(* Let $\Phi_1,\Phi_2\in\mathrm{SL}(2,\mathbb C)$ be the monodromy matrices defined below. (a) $\Phi_1$ and $\Phi_2$ have the forms $$\Phi_1=\begin{pmatrix}r_1&p\\ -\bar p&r_2\end{pmatrix},\qquad \Phi_2=\begin{pmatrix}q&ir_3\\ ir_4&\bar q\end{pmatrix}$$ with $p,q\in\mathbb C$ and $r_1,r_2,r_3,r_4\in\mathbb R$. (b) Assume $p\neq0$, $q\neq0$, $r_1\neq r_2$ and $r_3\neq r_4$. Put $$h_1=\frac{2\,\Re(p)}{r_2-r_1},\qquad h_2=\frac{2\,\Im(q)}{r_4-r_3}.$$ - There exist real $\alpha,\beta$ with $\alpha^2-\beta^2=1$ such that, for $S=\begin{pmatrix}\alpha&\beta\\ \beta&\alpha\end{pmatrix}$, both matrices $S^{-1}\Phi_1S$ and $S^{-1}\Phi_2S$ lie in $\mathrm{SU}(2)$, if and only if $h_1=h_2$ and $|h_1|>1$. In that case $\alpha,\beta$ are determined by $\frac{\alpha^2+\beta^2}{2\alpha\beta}=h_1$. - There exist real $\alpha,\beta$ with $-2\alpha\beta=1$ such that, for $S=\begin{pmatrix}\alpha&\beta\\ \alpha&-\beta\end{pmatrix}$, both matrices $S^{-1}\Phi_1S$ and $S^{-1}\Phi_2S$ lie in $\mathrm{SU}(1,1)$, if and only if $h_1=h_2$ and $|h_1|<1$. In that case $\alpha,\beta$ are determined by $\frac{\alpha^2-\beta^2}{\alpha^2+\beta^2}=h_1$. In particular, the closing conditions along $\gamma_1,\gamma_2$ for $f_H$ or $f_S$ reduce to the single condition $h_1=h_2\in\mathbb R\setminus\{\pm1\}$. Then $|h_1|>1$ gives a surface in $H^3$, and $|h_1|<1$ gives a surface in $S^3_1$.
   Context: Fix an integer $k\ge1$, a real number $\lambda>1$ and a real number $c\ne0$. Let $$\overline M=\Big\{(z,w)\in(\mathbb C\cup\{\infty\})^2 : w^{k+1}=z\Big(\frac{z-\lambda^{-1}}{\lambda-z}\Big)^k\Big\},$$ a compact Riemann surface of genus $k$. Let $M=\overline M\setminus\{(0,0),(\infty,\infty)\}$, with universal cover $\widetilde M$. Set $G=\lambda^{k/(k+1)}w$, $\Omega=c\,\frac{dz}{zw}$, $w_0=\lambda^{-k/(k+1)}$ and $\Lambda=e^{2\pi i/(k+1)}$. Let $\kappa_1(z,w)=(\bar z,\bar w)$, $\kappa_2(z,w)=\big(1/z,\ \lambda^{-2k/(k+1)}/w\big)$ and $\kappa_3(z,w)=(\bar z,\Lambda\bar w)$. Paths and loops in $M$: - $c_1$ goes from $(1,w_0)$ through $\{\Im z<0\}$, with embedded $z$-projection, to a point with real $z\in(0,\lambda^{-1})$. - $c_2$ goes from $(1,w_0)$ through $\{\Im z<0\}$, with embedded $z$-projection, to a point with real $z<0$. - $\gamma_1$ is the concatenation $c_1$, then $\kappa_3\circ c_1^{-1}$, then $\kappa_2\circ\kappa_1\circ\kappa_3\circ c_1$, then $\kappa_1\circ\kappa_2\circ c_1^{-1}$. It is a loop at $(1,w_0)$ whose $z$-projection winds once around $[\lambda^{-1},\lambda]$. - $\gamma_2$ is the concatenation $c_2$, then $\kappa_1\circ c_2^{-1}$. It is a loop at $(1,w_0)$ whose $z$-projection winds once around $0$. Let $F:\widetilde M\to\mathrm{SL}(2,\mathbb C)$ solve $$dF\,F^{-1}=\begin{pmatrix}G&-G^2\\ 1&-G\end{pmatrix}\Omega$$ with $F=\mathrm{id}$ at a lift of $(1,w_0)$. Let $\tau_j$ be the deck transformation of $\widetilde M$ corresponding to $\gamma_j$. With $\begin{pmatrix}A_j&B_j\\ C_j&D_j\end{pmatrix}$ the value of $F$ continued along $c_j$ to $c_j(1)$, define $\Phi_1,\Phi_2$ by $F\circ\tau_j=F\Phi_j$. Explicitly, $$\Phi_1=\begin{pmatrix}\bar A_1&-\bar C_1\\ -\bar B_1&\bar D_1\end{pmatrix}\begin{pmatrix}D_1&\Lambda C_1\\ \Lambda^{-1}B_1&A_1\end{pmatrix}\begin{pmatrix}\bar D_1&-\Lambda\bar B_1\\ -\Lambda^{-1}\bar C_1&\bar A_1\end{pmatrix}\begin{pmatrix}A_1&B_1\\ C_1&D_1\end{pmatrix},$$ $$\Phi_2=\begin{pmatrix}\bar D_2&-\bar B_2\\ -\bar C_2&\bar A_2\end{pmatrix}\begin{pmatrix}A_2&B_2\\ C_2&D_2\end{pmatrix}.$$ If the initial condition is replaced by $F=S$ at the base point, the monodromies along $\gamma_j$ become $S^{-1}\Phi_jS$. Surfaces: $H^3=\{aa^*\}$ and $S^3_1=\{a e_3 a^*\}$ for $a\in\mathrm{SL}(2,\mathbb C)$, where $a^*=\bar a^{t}$ and $e_3=\mathrm{diag}(1,-1)$. Put $f_H=FF^*$ (a constant mean curvature $1$ immersion into $H^3$) and $f_S=Fe_3F^*$ (a constant mean curvature $1$ face into $S^3_1$). $\mathrm{SU}(1,1)=\{X\in\mathrm{SL}(2,\mathbb C): Xe_3X^*=e_3\}$. *)

From HB Require Import structures.
From mathcomp Require Import all_boot all_order all_algebra.
Set Implicit Arguments. Unset Strict Implicit. Unset Printing Implicit Defensive.
Import Order.TTheory GRing.Theory Num.Theory.
Local Open Scope ring_scope.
※ ※ ※
» ACTION ITEM
In full and without alteration, write out each record.

» FINISHED EXERCISE
(* Let $\Phi_1,\Phi_2\in\mathrm{SL}(2,\mathbb C)$ be the monodromy matrices defined below. (a) $\Phi_1$ and $\Phi_2$ have the forms $$\Phi_1=\begin{pmatrix}r_1&p\\ -\bar p&r_2\end{pmatrix},\qquad \Phi_2=\begin{pmatrix}q&ir_3\\ ir_4&\bar q\end{pmatrix}$$ with $p,q\in\mathbb C$ and $r_1,r_2,r_3,r_4\in\mathbb R$. (b) Assume $p\neq0$, $q\neq0$, $r_1\neq r_2$ and $r_3\neq r_4$. Put $$h_1=\frac{2\,\Re(p)}{r_2-r_1},\qquad h_2=\frac{2\,\Im(q)}{r_4-r_3}.$$ - There exist real $\alpha,\beta$ with $\alpha^2-\beta^2=1$ such that, for $S=\begin{pmatrix}\alpha&\beta\\ \beta&\alpha\end{pmatrix}$, both matrices $S^{-1}\Phi_1S$ and $S^{-1}\Phi_2S$ lie in $\mathrm{SU}(2)$, if and only if $h_1=h_2$ and $|h_1|>1$. In that case $\alpha,\beta$ are determined by $\frac{\alpha^2+\beta^2}{2\alpha\beta}=h_1$. - There exist real $\alpha,\beta$ with $-2\alpha\beta=1$ such that, for $S=\begin{pmatrix}\alpha&\beta\\ \alpha&-\beta\end{pmatrix}$, both matrices $S^{-1}\Phi_1S$ and $S^{-1}\Phi_2S$ lie in $\mathrm{SU}(1,1)$, if and only if $h_1=h_2$ and $|h_1|<1$. In that case $\alpha,\beta$ are determined by $\frac{\alpha^2-\beta^2}{\alpha^2+\beta^2}=h_1$. In particular, the closing conditions along $\gamma_1,\gamma_2$ for $f_H$ or $f_S$ reduce to the single condition $h_1=h_2\in\mathbb R\setminus\{\pm1\}$. Then $|h_1|>1$ gives a surface in $H^3$, and $|h_1|<1$ gives a surface in $S^3_1$.
   Context: Fix an integer $k\ge1$, a real number $\lambda>1$ and a real number $c\ne0$. Let $$\overline M=\Big\{(z,w)\in(\mathbb C\cup\{\infty\})^2 : w^{k+1}=z\Big(\frac{z-\lambda^{-1}}{\lambda-z}\Big)^k\Big\},$$ a compact Riemann surface of genus $k$. Let $M=\overline M\setminus\{(0,0),(\infty,\infty)\}$, with universal cover $\widetilde M$. Set $G=\lambda^{k/(k+1)}w$, $\Omega=c\,\frac{dz}{zw}$, $w_0=\lambda^{-k/(k+1)}$ and $\Lambda=e^{2\pi i/(k+1)}$. Let $\kappa_1(z,w)=(\bar z,\bar w)$, $\kappa_2(z,w)=\big(1/z,\ \lambda^{-2k/(k+1)}/w\big)$ and $\kappa_3(z,w)=(\bar z,\Lambda\bar w)$. Paths and loops in $M$: - $c_1$ goes from $(1,w_0)$ through $\{\Im z<0\}$, with embedded $z$-projection, to a point with real $z\in(0,\lambda^{-1})$. - $c_2$ goes from $(1,w_0)$ through $\{\Im z<0\}$, with embedded $z$-projection, to a point with real $z<0$. - $\gamma_1$ is the concatenation $c_1$, then $\kappa_3\circ c_1^{-1}$, then $\kappa_2\circ\kappa_1\circ\kappa_3\circ c_1$, then $\kappa_1\circ\kappa_2\circ c_1^{-1}$. It is a loop at $(1,w_0)$ whose $z$-projection winds once around $[\lambda^{-1},\lambda]$. - $\gamma_2$ is the concatenation $c_2$, then $\kappa_1\circ c_2^{-1}$. It is a loop at $(1,w_0)$ whose $z$-projection winds once around $0$. Let $F:\widetilde M\to\mathrm{SL}(2,\mathbb C)$ solve $$dF\,F^{-1}=\begin{pmatrix}G&-G^2\\ 1&-G\end{pmatrix}\Omega$$ with $F=\mathrm{id}$ at a lift of $(1,w_0)$. Let $\tau_j$ be the deck transformation of $\widetilde M$ corresponding to $\gamma_j$. With $\begin{pmatrix}A_j&B_j\\ C_j&D_j\end{pmatrix}$ the value of $F$ continued along $c_j$ to $c_j(1)$, define $\Phi_1,\Phi_2$ by $F\circ\tau_j=F\Phi_j$. Explicitly, $$\Phi_1=\begin{pmatrix}\bar A_1&-\bar C_1\\ -\bar B_1&\bar D_1\end{pmatrix}\begin{pmatrix}D_1&\Lambda C_1\\ \Lambda^{-1}B_1&A_1\end{pmatrix}\begin{pmatrix}\bar D_1&-\Lambda\bar B_1\\ -\Lambda^{-1}\bar C_1&\bar A_1\end{pmatrix}\begin{pmatrix}A_1&B_1\\ C_1&D_1\end{pmatrix},$$ $$\Phi_2=\begin{pmatrix}\bar D_2&-\bar B_2\\ -\bar C_2&\bar A_2\end{pmatrix}\begin{pmatrix}A_2&B_2\\ C_2&D_2\end{pmatrix}.$$ If the initial condition is replaced by $F=S$ at the base point, the monodromies along $\gamma_j$ become $S^{-1}\Phi_jS$. Surfaces: $H^3=\{aa^*\}$ and $S^3_1=\{a e_3 a^*\}$ for $a\in\mathrm{SL}(2,\mathbb C)$, where $a^*=\bar a^{t}$ and $e_3=\mathrm{diag}(1,-1)$. Put $f_H=FF^*$ (a constant mean curvature $1$ immersion into $H^3$) and $f_S=Fe_3F^*$ (a constant mean curvature $1$ face into $S^3_1$). $\mathrm{SU}(1,1)=\{X\in\mathrm{SL}(2,\mathbb C): Xe_3X^*=e_3\}$. *)

From HB Require Import structures.
From mathcomp Require Import all_boot all_order all_algebra.
Set Implicit Arguments. Unset Strict Implicit. Unset Printing Implicit Defensive.
Import Order.TTheory GRing.Theory Num.Theory.
Local Open Scope ring_scope.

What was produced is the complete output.